╭──
(* Let $\lambda>0$, let $A\in\mathbb{R}^{3\times3}$ have singular values $\lambda_1\le\lambda_2\le\lambda_3$, and set $\alpha=\lambda_2\lambda_3-\lambda\lambda_1$, $\beta=\lambda_1\lambda_3-\lambda\lambda_2$, $\gamma=\lambda_1\lambda_2-\lambda\lambda_3$. Then for every $R\in SO(3)$, the quantity $g(R)=(1-R_{11})\alpha+(1-R_{22})\beta+(1-R_{33})\gamma$ satisfies $$g(R)\ge\min\{2(\beta+\gamma),0\}.$$
   Context: Singular values of $A$ are the square roots of the eigenvalues of $A^TA$; $SO(3)$ is the group of $3\times3$ orthogonal matrices of determinant $1$; $R_{ij}$ is the $(i,j)$ entry of $R$. *)

From HB Require Import structures.
From mathcomp Require Import all_boot all_order all_algebra.
From mathcomp Require Import reals.
Set Implicit Arguments. Unset Strict Implicit. Unset Printing Implicit Defensive.
Import Order.TTheory GRing.Theory Num.Theory.
Local Open Scope ring_scope.

(* Indices 1,2,3 of the paper are ordinals 0,1,2 of 'I_3. *)
Definition i1 : 'I_3 := @Ordinal 3 0 isT.
Definition i2 : 'I_3 := @Ordinal 3 1 isT.
Definition i3 : 'I_3 := @Ordinal 3 2 isT.

(* l1 <= l2 <= l3 are the singular values of A (with multiplicity):
   they are nonnegative and their squares are the eigenvalues of A^T A,
   i.e. the roots (with multiplicity) of the characteristic polynomial. *)
Definition singular_values3 (R : realType) (A : 'M[R]_3) (l1 l2 l3 : R) : Prop :=
  [/\ 0 <= l1, l1 <= l2, l2 <= l3 &
      char_poly (A^T *m A) =
        ('X - (l1 ^+ 2)%:P) * ('X - (l2 ^+ 2)%:P) * ('X - (l3 ^+ 2)%:P)].

Definition SO3 (R : realType) (Q : 'M[R]_3) : Prop :=
  Q^T *m Q = 1%:M /\ \det Q = 1.

(* Write a, e, k for the diagonal of R.  The four numbers 1 + a + e + k,
   1 + a - e - k, 1 - a + e - k, 1 - a - e + k are of the form 1 + tr R' with
   R' in SO(3) (multiply R by a half-turn about a coordinate axis), and
   tr R' >= -1 on SO(3) because, by Newton's identity and adj R' = R'^T,
   tr(R'^2) = (tr R')^2 - 2 tr R' while tr(R'^2) <= tr(R'^T R') = 3.
   Writing 2 g(R) as a combination of the last three numbers with coefficients
   beta + gamma, alpha + gamma, alpha + beta, the ordering
   0 <= l1 <= l2 <= l3 (the only property of the singular values that is
   needed) gives alpha >= beta, gamma, so 2 g(R) >= s (beta + gamma), where
   s = 4 - (1 + tr R), the sum of the last three numbers, lies in [0, 4]. *)
From HB Require Import structures.
From mathcomp Require Import all_boot all_order all_algebra.
From mathcomp Require Import reals ring lra.
Import Order.TTheory GRing.Theory Num.Theory.
Set Implicit Arguments. Unset Strict Implicit. Unset Printing Implicit Defensive.
Local Open Scope ring_scope.

Lemma adj_orthogonal (R : comPzRingType) (n : nat) (Q : 'M[R]_n) :
  Q^T *m Q = 1%:M -> \adj Q = \det Q *: Q^T.
Proof.
move=> orthoQ.
by rewrite -[\adj Q]mul1mx -orthoQ -mulmxA mul_mx_adj mul_mx_scalar.
Qed.

Lemma mxtrace_sqr3 (R : comPzRingType) (M : 'M[R]_3) :
  \tr (M *m M) = \tr M ^+ 2 - 2 * \tr (\adj M).
Proof.
have -> : M = \matrix_(i, j) M (inord i) (inord j).
  by apply/matrixP => i j; rewrite mxE !inord_val.
rewrite /mxtrace !big_ord_recl !big_ord0 !mxE /cofactor.
rewrite !(expand_det_row _ ord0) !big_ord_recl !big_ord0.
by rewrite !mxE /cofactor !det_mx11 !mxE /=; ring.
Qed.

Lemma mxtrace_mul_le (R : realDomainType) (n : nat) (M : 'M[R]_n) :
  \tr (M *m M) <= \tr (M^T *m M).
Proof.
have trTM : \tr (M^T *m M) = \sum_i \sum_j M i j ^+ 2.
  rewrite /mxtrace exchange_big; apply: eq_bigr => i _; rewrite mxE.
  by apply: eq_bigr => j _; rewrite mxE expr2.
have trMM : \tr (M *m M) = \sum_i \sum_j M i j * M j i.
  by apply: eq_bigr => i _; rewrite mxE.
have skew_norm :
    \sum_i \sum_j (M i j - M j i) ^+ 2 = 2 * (\tr (M^T *m M) - \tr (M *m M)).
  transitivity (\sum_i \sum_j (M i j ^+ 2 + M j i ^+ 2) - 2 * \tr (M *m M)).
    rewrite trMM mulr_sumr -sumrB; apply: eq_bigr => i _.
    by rewrite mulr_sumr -sumrB; apply: eq_bigr => j _; ring.
  under eq_bigr do rewrite big_split.
  by rewrite big_split /= [\sum_i \sum_j M j i ^+ 2]exchange_big /= -trTM; ring.
rewrite -subr_ge0 -(pmulr_rge0 _ (ltr0Sn R 1)) -skew_norm.
by apply: sumr_ge0 => i _; apply: sumr_ge0 => j _; apply: sqr_ge0.
Qed.

Lemma SO3_trace_ge (R : realType) (Q : 'M[R]_3) : SO3 Q -> -1 <= \tr Q.
Proof.
move=> [orthoQ detQ].
have tr_adj : \tr (\adj Q) = \tr Q.
  by rewrite adj_orthogonal // detQ scale1r mxtrace_tr.
have := mxtrace_mul_le Q; rewrite orthoQ mxtrace_scalar mxtrace_sqr3 tr_adj.
by move=> ?; nra.
Qed.

Lemma SO3_mul (R : realType) (P Q : 'M[R]_3) : SO3 P -> SO3 Q -> SO3 (P *m Q).
Proof.
move=> [orthoP detP] [orthoQ detQ]; split; last by rewrite det_mulmx detP detQ mulr1.
by rewrite trmx_mul mulmxA -[Q^T *m P^T *m P]mulmxA orthoP mulmx1 orthoQ.
Qed.

Definition half_turn {R : pzRingType} {n : nat} (j : 'I_n) : 'M[R]_n :=
  diag_mx (\row_i (if i == j then 1 else -1)).

Lemma SO3_half_turn (R : realType) (j : 'I_3) : SO3 (half_turn j : 'M[R]_3).
Proof.
split.
  rewrite /half_turn tr_diag_mx mul_diag_mx; apply/matrixP => i k.
  rewrite !mxE; case: (i == k); last by rewrite mulr0n mulr0.
  by case: (i == j); rewrite mulr1n ?mulrNN mulr1.
rewrite /half_turn det_diag !big_ord_recl big_ord0 !mxE.
by case: j => [[|[|[|]]]] //= _; ring.
Qed.

Lemma mxtrace_mul_half_turn (R : pzRingType) (n : nat) (Q : 'M[R]_n) (j : 'I_n) :
  \tr (Q *m half_turn j) = 2 * Q j j - \tr Q.
Proof.
rewrite /half_turn mul_mx_diag /mxtrace (bigD1 j) //= [\sum_i Q i i](bigD1 j) //=.
rewrite !mxE eqxx mulr1 opprD addrA mulr2n mulrDl mul1r addrK; congr (_ + _).
by rewrite -sumrN; apply: eq_bigr => i /negbTE nij; rewrite !mxE nij mulrN1.
Qed.

Lemma SO3_diag_trace_le (R : realType) (Q : 'M[R]_3) (j : 'I_3) :
  SO3 Q -> \tr Q - 2 * Q j j <= 1.
Proof.
move=> SO3Q; have := SO3_trace_ge (SO3_mul SO3Q (SO3_half_turn R j)).
by rewrite mxtrace_mul_half_turn => ?; lra.
Qed.

Lemma mxtrace3 (R : pzRingType) (Q : 'M[R]_3) : \tr Q = Q i1 i1 + Q i2 i2 + Q i3 i3.
Proof.
rewrite /mxtrace !big_ord_recl big_ord0 addr0 addrA.
by congr (_ + _ + _); congr (Q _ _); apply: val_inj.
Qed.

Lemma weighted_diag_ge_min (R : realDomainType) (a e k alpha beta gamma : R) :
  -1 <= a + e + k -> e + k - a <= 1 -> a + k - e <= 1 -> a + e - k <= 1 ->
  beta <= alpha -> gamma <= alpha ->
  Num.min (2 * (beta + gamma)) 0 <= (1 - a) * alpha + (1 - e) * beta + (1 - k) * gamma.
Proof.
move=> tr_ge flip1 flip2 flip3 le_ba le_ga.
have split_weights : 2 * ((1 - a) * alpha + (1 - e) * beta + (1 - k) * gamma) =
    (1 + a - e - k) * (beta + gamma) + (1 - a + e - k) * (alpha + gamma)
    + (1 - a - e + k) * (alpha + beta) by ring.
rewrite ge_min; apply/orP.
by have [bg_ge0|bg_lt0] := leP 0 (beta + gamma); [right|left]; nra.
Qed.

Theorem lemma4p4 (R : realType) (lam : R) (A : 'M[R]_3) (l1 l2 l3 : R)
  (hlam : 0 < lam) (hA : singular_values3 A l1 l2 l3) (Q : 'M[R]_3) (hQ : SO3 Q) :
  let alpha := l2 * l3 - lam * l1 in
  let beta := l1 * l3 - lam * l2 in
  let gamma := l1 * l2 - lam * l3 in
  (1 - Q i1 i1) * alpha + (1 - Q i2 i2) * beta + (1 - Q i3 i3) * gamma
    >= Num.min (2 * (beta + gamma)) 0.
Proof.
have [l1_ge0 le_l12 le_l23 _] := hA.
have := SO3_trace_ge hQ; have := SO3_diag_trace_le i1 hQ.
have := SO3_diag_trace_le i2 hQ; have := SO3_diag_trace_le i3 hQ.
rewrite mxtrace3 => flip3 flip2 flip1 tr_ge; cbv zeta.
by apply: weighted_diag_ge_min; [lra | lra | lra | lra | nra | nra].
Qed.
╰──
▸ EXERCISE AIM:
Given the records above, restate word for word only the lines starting at the one with "by apply: eq_bigr => i _; rewrite mxE." and ending at the one with "rewrite trMM mulr_sumr".

▸ RESPONSE TO THE EXERCISE:
  by apply: eq_bigr => i _; rewrite mxE.
have skew_norm :
    \sum_i \sum_j (M i j - M j i) ^+ 2 = 2 * (\tr (M^T *m M) - \tr (M *m M)).
  transitivity (\sum_i \sum_j (M i j ^+ 2 + M j i ^+ 2) - 2 * \tr (M *m M)).
    rewrite trMM mulr_sumr -sumrB; apply: eq_bigr => i _.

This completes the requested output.